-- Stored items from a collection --
*** Begin section ***
Lemma eventually_zero_ind_oscillates x del :
  0 < del -> exists x', cantor_dist x x' < del /\ eventually_zero_ind x' <> eventually_zero_ind x.
Proof.
  intro Hdel; destruct (inv_succ_small del Hdel) as [M HM].
  assert (Hclose : forall c Hc, cantor_dist x (splice x M c Hc) < del).
  { intros c Hc; pose proof (cantor_dist_le_agree _ _ _ (agree_splice x M c Hc)); lra. }
  assert (H1 : eventually_zero_ind (splice x M 0 (le_0_n 1)) = 1%nat).
  { unfold eventually_zero_ind; destruct (excluded_middle_informative _) as [|Hn]; auto.
    exfalso; apply Hn; exists M; apply splice_tail. }
  assert (H0 : eventually_zero_ind (splice x M 1 (le_n 1)) = 0%nat).
  { unfold eventually_zero_ind; destruct (excluded_middle_informative _) as [[m Hm]|]; auto.
    specialize (Hm (m + M)%nat ltac:(lia)); rewrite splice_tail in Hm; [discriminate|lia]. }
  unfold eventually_zero_ind at 2; destruct (excluded_middle_informative _).
  - exists (splice x M 1 (le_n 1)); split; [apply Hclose|rewrite H0; lia].
  - exists (splice x M 0 (le_0_n 1)); split; [apply Hclose|rewrite H1; lia].
Qed.

Definition pred_seq (y : baire) : baire := fun i => pred (y i).

Lemma agree_pred_seq y y' n : agree y y' n -> agree (pred_seq y) (pred_seq y') n.
Proof. intros H i Hi; unfold pred_seq; rewrite H; auto. Qed.

Definition first_zero (y : baire) (n : nat) : Prop :=
  (forall i, (i < n)%nat -> y i <> 0%nat) /\ y n = 0%nat.

Lemma first_zero_unique y n m : first_zero y n -> first_zero y m -> n = m.
Proof.
  intros [Hn Hn0] [Hm Hm0].
  destruct (Nat.lt_total n m) as [Hlt|[|Hlt]]; auto; exfalso; [apply (Hm n)|apply (Hn m)]; auto.
Qed.

Lemma first_zero_agree y y' n : first_zero y n -> agree y y' (S n) -> first_zero y' n.
Proof.
  intros [Hn Hn0] Hagr; split; [intros i Hi; rewrite <- Hagr by lia; auto|rewrite <- Hagr by lia; auto].
Qed.

Lemma first_zero_exists y : (exists i, y i = 0%nat) -> exists n, first_zero y n.
Proof.
  intro H; destruct (exists_least _ H) as [n [Hn Hlt]]; exists n; split; auto.
Qed.

Lemma eventually_zero_prefix_borel :
  borel (prod_dist cantor_dist baire_dist) (fun p => eventually_zero (fst p)).
Proof.
  apply borel_union; intro m; apply prefix_closed2_borel; intros p Hp.
  apply not_all_ex_not in Hp as [k Hk]; apply imply_to_and in Hk as [Hk Hnz].
  exists (S k); intros p' Hx _ Hp'; apply Hnz; rewrite Hx by lia; apply Hp'; auto.
Qed.

Lemma tail_const_borel n c :
  borel (prod_dist cantor_dist baire_dist) (fun p => forall j, (n < j)%nat -> snd p j = c).
Proof.
  apply prefix_closed2_borel; intros p Hp.
  apply not_all_ex_not in Hp as [j Hj]; apply imply_to_and in Hj as [Hj Hne].
  exists (S j); intros p' _ Hy Hp'; apply Hne; rewrite Hy by lia; auto.
Qed.

Section Multifunction.
Variable Q : cantor -> baire -> Prop.
Hypothesis Q_closed : closed_rel Q.

Definition near_Q (n : nat) (x : cantor) (b : baire) : Prop :=
  exists (x' : cantor) b', agree x x' n /\ agree b b' n /\ Q x' b'.

Lemma near_Q_of_Q n x b : Q x b -> near_Q n x b.
Proof. intro H; exists x, b; repeat split; auto using agree_refl. Qed.

Lemma Q_of_near_Q x b : (forall n, near_Q n x b) -> Q x b.
Proof.
  intro H; apply NNPP; intro Hn; destruct (Q_closed x b Hn) as [N HN].
  destruct (H N) as [x' [b' [Hx [Hb HQ]]]]; exact (HN x' b' Hx Hb HQ).
Qed.

Lemma near_Q_agree n (x x2 : cantor) b b2 :
  agree x x2 n -> agree b b2 n -> near_Q n x b -> near_Q n x2 b2.
Proof.
  intros Hx Hb [x' [b' [Hx' [Hb' HQ]]]]; exists x', b'.
  repeat split; auto; eapply agree_trans; eauto using agree_sym.
Qed.

Lemma near_Q_le n m x b : (n <= m)%nat -> near_Q m x b -> near_Q n x b.
Proof. intros H [x' [b' [Hx [Hb HQ]]]]; exists x', b'; repeat split; auto; eapply agree_le; eauto. Qed.

Definition mvF (x : cantor) (y : baire) : Prop :=
  ((forall i, y i <> 0%nat) /\ Q x (pred_seq y)) \/
  exists n, first_zero y n /\ near_Q n x (pred_seq y) /\
            forall j, (n < j)%nat -> y j = eventually_zero_ind x.

Lemma mvF_multi_valued : (exists x b, Q x b) -> multi_valued mvF.
Proof.
  intros [x0 [b0 Hx0]] x; exists (fun i => match i with 0%nat => 0%nat | _ => eventually_zero_ind x end).
  right; exists 0%nat; repeat split.
  - intros; lia.
  - exists x0, b0; repeat split; auto; intros i Hi; lia.
  - intros [|j] Hj; [lia|reflexivity].
Qed.

Lemma mvF_compl_open_marked x y n :
  ~ mvF x y -> first_zero y n -> exists N, forall y', agree y y' N -> ~ mvF x y'.
Proof.
  intros Hy Hn.
  assert (Hnot : ~ (near_Q n x (pred_seq y) /\ forall j, (n < j)%nat -> y j = eventually_zero_ind x))
    by (intros [H1 H2]; apply Hy; right; eauto).
  apply not_and_or in Hnot as [Hfar|Htail].
  - exists (S n); intros y' Hagr [[Hnz _]|[m [Hm [Hnear _]]]].
    + apply (Hnz n); rewrite <- Hagr by lia; apply Hn.
    + rewrite <- (first_zero_unique y' n m (first_zero_agree y y' n Hn Hagr) Hm) in Hnear.
      apply Hfar; eapply near_Q_agree; [apply agree_refl| |exact Hnear].
      apply agree_pred_seq, agree_sym; eapply agree_le; eauto.
  - apply not_all_ex_not in Htail as [j Hj]; apply imply_to_and in Hj as [Hj Hne].
    exists (S j); intros y' Hagr [[Hnz _]|[m [Hm [_ Htail]]]].
    + apply (Hnz n); rewrite <- Hagr by lia; apply Hn.
    + assert (Hy' : first_zero y' n) by (eapply first_zero_agree; eauto; eapply agree_le; eauto; lia).
      rewrite <- (first_zero_unique y' n m Hy' Hm) in Htail.
      apply Hne; rewrite Hagr by lia; auto.
Qed.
*** End section ***
-- Your instructions --
Every line above holding the string "destruct" should be listed.

-- Output for this task --
  intro Hdel; destruct (inv_succ_small del Hdel) as [M HM].
  { unfold eventually_zero_ind; destruct (excluded_middle_informative _) as [|Hn]; auto.
  { unfold eventually_zero_ind; destruct (excluded_middle_informative _) as [[m Hm]|]; auto.
  unfold eventually_zero_ind at 2; destruct (excluded_middle_informative _).
  destruct (Nat.lt_total n m) as [Hlt|[|Hlt]]; auto; exfalso; [apply (Hm n)|apply (Hn m)]; auto.
  intro H; destruct (exists_least _ H) as [n [Hn Hlt]]; exists n; split; auto.
  intro H; apply NNPP; intro Hn; destruct (Q_closed x b Hn) as [N HN].
  destruct (H N) as [x' [b' [Hx [Hb HQ]]]]; exact (HN x' b' Hx Hb HQ).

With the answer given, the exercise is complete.